16 BC kids likely had MIS-C, 601 children infected with Covid-19 since September 1

    Vancouver – 16 kids in BC are being investigated as potential cases of Multisystem Inflammatory Syndrome in Children – MIS-C.

    Earlier BC PHO Dr. Bonnie Henry had said 8 cases of suspected MIS-C had been noted in children with a mean age of 4.

    The latest MIS-C count was released by Ministry of Health spokesman Stephen May after a query by Vancouverite.

    “There are now 16 persons under investigation for MIS-C (this is what we used to call suspected MIS-C),” May said in an emailed response.

    Alberta Health Services spokesman Tom McMillan said his province has 6 cases linked to MIS-C.

    The syndrome which causes multiple organ inflammation was first identified and named as a disease associated with Covid-19 exposure or infection on May 12.

    Several BC children have spent time in ICU – mostly at BC Children’s Hospital.

    Parents who suspect their children had MIS-C told harrowing stories of illness that was hard to diagnose because of similarity to other disease – in particular Kawasaki’s Disease.

    Kawasaki is the leading cause of acquired heart disease in children in Canada but it’s not known if this is the case with MIS-C as well.

    “The Canadian Pediatric Society issued a Public Health Alert on May 12, 2020 to notify health practitioners of an acute inflammatory syndrome temporally linked to COVID-19 that has been reported in children and teenagers,” says guidance provided by CDC of BC.

    “Children with this condition present with symptoms of systemic inflammation, and can have clinical similarities to Kawasaki Disease, toxic shock syndrome and macrophage activation syndrome.

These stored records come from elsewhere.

(* For every semisimple MV-algebra $M$ and every compact Hausdorff space $Y$, the convex set $\mathcal{P}(M,C(Y))$ has an extreme point.
   Context: For an MV-algebra $(M,\oplus,\neg,0)$: $1\coloneqq\neg 0$, $a\vee b\coloneqq\neg(\neg a\oplus b)\oplus b$, $a\wedge b\coloneqq\neg(\neg a\vee\neg b)$. A probability map is a function $p\colon M\to N$ between MV-algebras such that for all $a,b\in M$: (P1) $p(a\oplus b)=p(a)\oplus p(b\wedge\neg a)$; (P2) $p(\neg a)=\neg p(a)$; (P3) $p(1)=1$. $C(Y)$ is the MV-algebra of continuous functions $Y\to[0,1]$ with pointwise operations $\min(a+b,1)$, $1-a$. $\mathcal{P}(M,C(Y))$ is the set of probability maps $M\to C(Y)$, a convex subset of the real linear space of maps $M\to C_{\mathbb{R}}(Y)$. $M$ is semisimple if the intersection of its maximal ideals is $\{0\}$. *)

From HB Require Import structures.
From mathcomp Require Import all_boot all_order all_algebra.
From mathcomp Require Import all_classical all_reals all_analysis.
Set Implicit Arguments. Unset Strict Implicit. Unset Printing Implicit Defensive.
Import Order.TTheory GRing.Theory Num.Theory numFieldNormedType.Exports.
Local Open Scope ring_scope.

Record MVAlgebra := MkMV {
  mv_car :> Type;
  mv_oplus : mv_car -> mv_car -> mv_car;
  mv_neg : mv_car -> mv_car;
  mv_zero : mv_car;
  mv_oplusA : forall x y z, mv_oplus x (mv_oplus y z) = mv_oplus (mv_oplus x y) z;
  mv_oplusC : forall x y, mv_oplus x y = mv_oplus y x;
  mv_oplus0 : forall x, mv_oplus x mv_zero = x;
  mv_negK : forall x, mv_neg (mv_neg x) = x;
  mv_oplus1 : forall x, mv_oplus x (mv_neg mv_zero) = mv_neg mv_zero;
  mv_luk : forall x y, mv_oplus (mv_neg (mv_oplus (mv_neg x) y)) y
                     = mv_oplus (mv_neg (mv_oplus (mv_neg y) x)) x
}.

Arguments mv_oplus {m}.
Arguments mv_neg {m}.

Section MVDefs.
Variable M : MVAlgebra.
Definition mv_one : M := mv_neg (mv_zero M).
Definition mv_join (a b : M) : M := mv_oplus (mv_neg (mv_oplus (mv_neg a) b)) b.
Definition mv_meet (a b : M) : M := mv_neg (mv_join (mv_neg a) (mv_neg b)).
Definition mv_le (a b : M) : Prop := mv_oplus (mv_neg a) b = mv_one.

Definition mv_ideal (I : M -> Prop) : Prop :=
  [/\ I (mv_zero M),
      (forall a b, mv_le a b -> I b -> I a) &
      (forall a b, I a -> I b -> I (mv_oplus a b))].

Definition mv_proper (I : M -> Prop) : Prop := exists x, ~ I x.

Definition mv_maximal_ideal (I : M -> Prop) : Prop :=
  [/\ mv_ideal I, mv_proper I &
      forall J : M -> Prop, mv_ideal J -> mv_proper J ->
        (forall x, I x -> J x) -> forall x, J x -> I x].

Definition mv_semisimple : Prop :=
  forall x : M, (forall I, mv_maximal_ideal I -> I x) -> x = mv_zero M.
End MVDefs.

(* Probability maps M -> C(Y), C(Y) = continuous functions Y -> [0,1]
   with pointwise operations a (+) b = min(a+b,1), ~a = 1 - a. *)
Definition prob_map (M : MVAlgebra) (R : realType) (Y : topologicalType)
    (p : M -> Y -> R) : Prop :=
  [/\ (forall a, continuous (p a)),
      (forall a y, 0 <= p a y <= 1),
      (forall a b y, p (mv_oplus a b) y
           = Num.min (p a y + p (mv_meet b (mv_neg a)) y) 1),
      (forall a y, p (mv_neg a) y = 1 - p a y) &
      (forall y, p (mv_one M) y = 1)].

Definition extreme_prob_map (M : MVAlgebra) (R : realType) (Y : topologicalType)
    (p : M -> Y -> R) : Prop :=
  prob_map p /\
  forall (p1 p2 : M -> Y -> R) (t : R), prob_map p1 -> prob_map p2 ->
    0 < t < 1 -> (forall a y, p a y = t * p1 a y + (1 - t) * p2 a y) ->
    p1 = p2.

From mathcomp Require Import all_boot all_order all_algebra.
From mathcomp Require Import all_classical all_reals all_analysis.
From mathcomp Require Import zify lra.
From Stdlib Require Import Classical.
Set Implicit Arguments. Unset Strict Implicit. Unset Printing Implicit Defensive.
Import Order.TTheory GRing.Theory Num.Theory numFieldNormedType.Exports.

(* Semisimplicity and nontriviality give a maximal ideal I, and modulo I the
   natural order of M is total and archimedean.  For e outside I let N_e x be the
   least n with x <= n.e modulo I.  Every state s vanishing on I satisfies
   |N_e(1) s(x) - N_e(x)| <= 2, with equality N_e(1) s(x) = N_e(x) when e is an
   atom modulo I; if there is no such atom, repeated halving makes N_e(1)
   arbitrarily large.  So the ratios N_e(x) / N_e(1) pin down s: there is at most
   one state vanishing on I, and an ultrafilter limit of the ratios is one.  The
   constant probability map with that value is extreme, because in any convex
   decomposition both summands, evaluated at a point, are states vanishing on I. *)

Local Notation "x ⊕ y" := (mv_oplus x y) (at level 50, left associativity).
Local Notation "¬ x" := (mv_neg x) (at level 35, right associativity).

(** * Limits of real functions along filters *)

Section FilterLimits.
Variable R : realType.
Local Open Scope ring_scope.
Local Open Scope classical_set_scope.

Lemma cvg_dist_le (T : Type) (F : set_system T) {FF : Filter F} (v δ : T -> R) (l : R) :
  δ @ F --> 0 -> (forall t, `|v t - l| <= δ t) -> v @ F --> l.
Proof.
move=> hδ hle; apply: (squeeze_cvgr (f := fun t => l - δ t) (h := fun t => l + δ t)).
- by apply: filterE => t; rewrite -ler_distl.
- by rewrite -[X in _ --> X]subr0; apply: cvgB => //; exact: cvg_cst.
- by rewrite -[X in _ --> X]addr0; apply: cvgD => //; exact: cvg_cst.
Qed.

Lemma cvg_bounded_defect_eq0 (T : Type) (F : set_system T) {FF : ProperFilter F}
    (v δ : T -> R) (l : R) :
  δ @ F --> 0 -> v @ F --> l -> (forall t, `|v t| <= δ t) -> l = 0.
Proof.
move=> hδ hv hle.
have hv0 : v @ F --> 0 by apply: cvg_dist_le hδ _ => t; rewrite subr0.
exact: norm_cvg_unique hv hv0.
Qed.

Lemma cvg_min1 (T : Type) (F : set_system T) {FF : Filter F} (f : T -> R) (l : R) :
  f @ F --> l -> (fun t => Num.min (f t) 1) @ F --> Num.min l 1.
Proof.
move=> hf; apply: (@continuous_cvg _ _ _ _ _ _ (fun z : R => Num.min z 1)) => //.
have hid : continuous (@id R) by move=> ?; exact: cvg_id.
by apply: (min_fun_continuous hid); exact: cst_continuous.
Qed.

Lemma ultrafilter_cvg_unit (T : Type) (G : set_system T) (u : T -> R) :
  UltraFilter G -> (forall t, 0 <= u t <= 1) -> exists l : R, u @ G --> l.
Proof.
move=> GU h01.
have Fs : G (u @^-1` `[(0:R), 1]%classic).
  by apply: filterE => t /=; rewrite in_itv; exact: h01.
have [l [_ cl]] := @segment_compact R 0 1 (u @ G) (fmap_proper_filter u _) Fs.
(* An ultrafilter converges to each of its cluster points. *)
exists l => A nA.
case: (in_ultra_setVsetC (u @^-1` A) GU) => // hc.
by have := cl (~` A) A hc nA; case=> z [].
Qed.
End FilterLimits.

Section NatRatios.
Variable R : realFieldType.
Local Open Scope ring_scope.

Lemma nat_ratio_min (p b : nat) : (0 < b)%N ->
  (minn p b)%:R / b%:R = Num.min (p%:R / b%:R) 1 :> R.
Proof.
move=> hb; have hb0 : 0 < b%:R :> R by rewrite ltr0n.
case: (leqP p b) => h; first by apply/esym/min_l; rewrite ler_pdivrMr // mul1r ler_nat.
rewrite divff ?gt_eqF //; apply/esym/min_r.
by rewrite ler_pdivlMr // mul1r ler_nat ltnW.
Qed.

Lemma nat_ratio_dist (p q b d : nat) : (p <= q + d)%N -> (q <= p + d)%N ->
  `|p%:R / b%:R - q%:R / b%:R| <= d%:R / b%:R :> R.
Proof.
move=> hpq hqp; rewrite -mulrBl normrM normfV normr_nat ler_wpM2r ?invr_ge0 //.
have h1 : p%:R <= q%:R + d%:R :> R by rewrite -natrD ler_nat.
have h2 : q%:R <= p%:R + d%:R :> R by rewrite -natrD ler_nat.
by rewrite ler_norml; apply/andP; split; lra.
Qed.
End NatRatios.

(** * Elementary arithmetic of MV-algebras *)

Section MVAlgebraTheory.
Variable M : MVAlgebra.
Local Notation mv0 := (mv_zero M).
Local Notation mv1 := (mv_one M).
Local Notation le := (@mv_le M).
Implicit Types x y z a b c e : M.

Definition mv_diff x y : M := ¬ (¬ x ⊕ y).
Local Notation "x ⊖ y" := (mv_diff x y) (at level 50, left associativity).

Lemma mv_oplusCA x y z : x ⊕ (y ⊕ z) = y ⊕ (x ⊕ z).
Proof. by rewrite !mv_oplusA (mv_oplusC x). Qed.
Lemma mv_oplusAC x y z : x ⊕ y ⊕ z = x ⊕ z ⊕ y.
Proof. by rewrite -!mv_oplusA (mv_oplusC y). Qed.
Lemma mv_oplus0l x : mv0 ⊕ x = x. Proof. by rewrite mv_oplusC mv_oplus0. Qed.
Lemma mv_oplus1l x : mv1 ⊕ x = mv1. Proof. by rewrite mv_oplusC mv_oplus1. Qed.
Lemma mv_neg1 : ¬ mv1 = mv0. Proof. exact: mv_negK. Qed.
Lemma mv_oplusNx x : ¬ x ⊕ x = mv1.
Proof. by have := mv_luk x mv1; rewrite mv_neg1 mv_oplus0l mv_oplus1 => <-. Qed.
Lemma mv_oplusxN x : x ⊕ ¬ x = mv1. Proof. by rewrite mv_oplusC mv_oplusNx. Qed.
Lemma mv_neg_diff x y : ¬ (x ⊖ y) = ¬ x ⊕ y. Proof. exact: mv_negK. Qed.
Lemma mv_joinE x y : mv_join x y = x ⊖ y ⊕ y. Proof. by []. Qed.
Lemma mv_joinC x y : mv_join x y = mv_join y x. Proof. exact: mv_luk. Qed.

Lemma mv_diff_eq0 x y : le x y -> x ⊖ y = mv0.
Proof. by rewrite /mv_le /mv_diff => ->; exact: mv_neg1. Qed.
Lemma mv_join_idr x y : le x y -> mv_join x y = y.
Proof. by move=> /mv_diff_eq0 h; rewrite /mv_join -/(mv_diff x y) h mv_oplus0l. Qed.
Lemma mv_join_idl x y : le x y -> mv_join y x = y.
Proof. by move=> h; rewrite mv_joinC mv_join_idr. Qed.

Lemma mv_le_refl x : le x x. Proof. exact: mv_oplusNx. Qed.
Lemma mv_le_oplusr x z : le x (x ⊕ z).
Proof. by rewrite /mv_le mv_oplusA mv_oplusNx mv_oplus1l. Qed.
Lemma mv_le_oplusl x z : le x (z ⊕ x).
Proof. by rewrite mv_oplusC; exact: mv_le_oplusr. Qed.
Lemma mv_oplus_diff x y : y ⊕ (x ⊖ y) = mv_join x y.
Proof. exact: mv_oplusC. Qed.
Lemma mv_leP x y : le x y <-> exists z, y = x ⊕ z.
Proof.
split=> [h|[z ->]]; last exact: mv_le_oplusr.
by exists (y ⊖ x); rewrite mv_oplus_diff mv_join_idl.
Qed.
Lemma mv_le_trans y x z : le x y -> le y z -> le x z.
Proof. by move=> /mv_leP[a ->] /mv_leP[b ->]; rewrite -mv_oplusA; exact: mv_le_oplusr. Qed.
Lemma mv_le_anti x y : le x y -> le y x -> x = y.
Proof. by move=> h1 h2; rewrite -(mv_join_idr h1) mv_joinC mv_join_idr. Qed.
Lemma mv_le0x x : le mv0 x. Proof. by rewrite /mv_le mv_oplus1l. Qed.
Lemma mv_lex1 x : le x mv1. Proof. exact: mv_oplus1. Qed.
Lemma mv_lex0 x : le x mv0 -> x = mv0.
Proof. by move=> h; apply: mv_le_anti h (mv_le0x _). Qed.
Lemma mv_le1x x : le mv1 x -> x = mv1.
Proof. exact: mv_le_anti (mv_lex1 _). Qed.
Lemma mv_le_oplus2r x y z : le x y -> le (x ⊕ z) (y ⊕ z).
Proof. by move=> /mv_leP[a ->]; apply/mv_leP; exists a; rewrite mv_oplusAC. Qed.
Lemma mv_le_oplus2l x y z : le x y -> le (z ⊕ x) (z ⊕ y).
Proof. by rewrite !(mv_oplusC z); exact: mv_le_oplus2r. Qed.
Lemma mv_le_oplus2 x y z w : le x y -> le z w -> le (x ⊕ z) (y ⊕ w).
Proof. by move=> h1 h2; apply: mv_le_trans (mv_le_oplus2r _ h1) (mv_le_oplus2l _ h2). Qed.
Lemma mv_le_neg x y : le x y -> le (¬ y) (¬ x).
Proof. by rewrite /mv_le mv_negK mv_oplusC. Qed.
Lemma mv_residuation a b c : le (a ⊖ b) c <-> le a (b ⊕ c).
Proof. by rewrite /mv_le mv_neg_diff mv_oplusA. Qed.
Lemma mv_le_oplus_diff a b : le a (b ⊕ (a ⊖ b)).
Proof. exact/mv_residuation/mv_le_refl. Qed.
Lemma mv_le_diff a b : le (a ⊖ b) a.
Proof. exact/mv_residuation/mv_le_oplusl. Qed.
Lemma mv_le_diff_oplus2r a b c : le ((a ⊕ c) ⊖ (b ⊕ c)) (a ⊖ b).
Proof.
by apply/mv_residuation; rewrite mv_oplusAC; apply: mv_le_oplus2r; exact: mv_le_oplus_diff.
Qed.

    “Prominent features include fever, abdominal pain, cardiac involvement and rash, among others. There may be a spectrum of disease severity and phenotypes in children affected by COVID-19-associated inflammation,” CDC states.

    “If you see a child with features that could be in keeping with MIS-C obtain a comprehensive history of exposure to a person with COVID-19.

    “Children with unexplained fever and inflammation (elevated WBC, CRP), and those in early phases of an acute illness should be followed closely for progression of their illness,” it says in guidance directed at clinicians.

    “Care may involve serial monitoring of clinical and laboratory parameters, cardiac imaging, therapies targeting inflammation, and close follow up post-discharge.”

    “Children admitted to a general pediatrics ward for MIS-C warrant close monitoring for clinical deterioration. Affected patients can become critically ill quickly and there have been deaths reported.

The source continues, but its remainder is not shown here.